Les attaques bruteforce sont les attaques les plus basiques et les plus stupides du monde. Prenez un site que vous voulez attaquer et qui est protégé par mot de passe. Pour trouver ce mot de passe vous allez tout simplement tester toutes les combinaisons possible, aussi longtemps qu’il le faut jusqu’à ce que vous tombiez sur le mot de passe en question.

Prenons un exemple.

Mon site est protégé par le mot de passe “123”. Si je veux bruteforcer, je vais tester TOUS les mots de passe possible. D’abord les chiffres, les nombres puis l’alphabet puis les couple lettres + chiffres puis lettres + chiffres + symboles.
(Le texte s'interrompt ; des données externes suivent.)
Definition antichain {T : Type} (ltT : T -> T -> Prop) (A : T -> Prop) : Prop :=
  forall s t, A s -> A t -> s <> t -> ~ ltT s t /\ ~ ltT t s.

Definition special {T : Type} (ltT : T -> T -> Prop) : Prop :=
  exists A : nat -> T -> Prop,
    (forall n, antichain ltT (A n)) /\ (forall t, exists n, A n t).

(* S (a subset of the chain below u) has order type omega *)
Definition order_type_omega {T : Type} (ltT : T -> T -> Prop) (S : T -> Prop) : Prop :=
  infinite_set S /\ (forall s, S s -> finite_set (fun r => S r /\ ltT r s)).

Definition good_ladder {T : Type} (ltT : T -> T -> Prop) (u : T) (S : T -> Prop) : Prop :=
  (forall t, S t -> ltT t u) /\
  order_type_omega ltT S /\
  (forall s, ltT s u -> exists t, S t /\ ltT s t).

From Stdlib Require Import Wellfounded Cantor Classical ClassicalEpsilon.

(* Suppose the theorem fails.  Then, for every node v at a level in C, only
   finitely many points of ladders C(T,w) of limit nodes w above v lie below
   v: otherwise countably many such ladders witness the theorem.  So every
   limit node u at a level in C has a ladder point c(u) that does not lie in
   the ladder of any limit node above u.  Map each non-root node t to a
   predecessor together with a natural number:
   - if ht t is a limit in C, to c(t) with 0;
   - if ht t is a successor, to its immediate predecessor with 1;
   - if ht t is a limit outside C, to its predecessor at a height g with no
     point of C in (g, ht t), with 2 + an index of t among the countably
     many nodes below the next point of C after g.
   Nodes with the same code form an antichain, and iterating the code down
   the tree yields a natural-number labelling whose fibers are antichains,
   so T is special. *)

Lemma to_nat_inj (p q : nat * nat) : Cantor.to_nat p = Cantor.to_nat q -> p = q.
Proof.
  intro E. rewrite <- (Cantor.cancel_of_to p), <- (Cantor.cancel_of_to q), E.
  reflexivity.
Qed.

Lemma countable_set_subset {A : Type} (P Q : A -> Prop) :
  (forall x, P x -> Q x) -> countable_set Q -> countable_set P.
Proof. intros PQ [f Hf]. exists f. auto. Qed.

Lemma infinite_set_superset {A : Type} (P Q : A -> Prop) :
  (forall x, P x -> Q x) -> infinite_set P -> infinite_set Q.
Proof. intros PQ HP [l Hl]. apply HP. exists l. auto. Qed.

Lemma infinite_set_inhabited {A : Type} (P : A -> Prop) :
  infinite_set P -> exists x, P x.
Proof.
  intro HP. apply NNPP. intro N. apply HP. exists nil.
  intros x Px. exfalso. eauto.
Qed.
Dans notre cas, je ferais quelque chose comme:

1, 2, …, 11, 12, 13, …, 111, 112, … pour finalement arriver à 123.

Un vrai nom d’utilisateur

WordPress est une plateforme de blog devenu très populaire, c’est donc devenu, par la même occasion, une cible privilégiée de réseau de robots (appelés botnet) qui scannent le web à le recherche de site WordPress et qui déclenchent des batteries de bruteforce dessus.

Comme vous le savez, pour se connecter à l’interface d’administration de WordPress il faut un login et un mot de passe.

Les robots vont donc essayer de se connecter avec des utilisateurs “génériques”. Évitez donc d’avoir des utilisateurs avec pour login

admin, root, test, lenomdevotresite (ici angezanetti), etc …

Le mieux étant d’éviter de mettre le pseudo de celui qui publie les articles comme admin. Par exemple l’utilisateur qui publie les articles s’appelle toto et n’a que les droits d’auteur. Un autre utilisateur du nom de tata à lui les droits d’administration.

Cela devrait déjà beaucoup compliqué la tâche de nos cher botnets.

Des mots phrases de passe

Ensuite pour se prémunir plus efficacement il faut choisir avoir un mot de passe complexe, ou mieux, une phrase de passe.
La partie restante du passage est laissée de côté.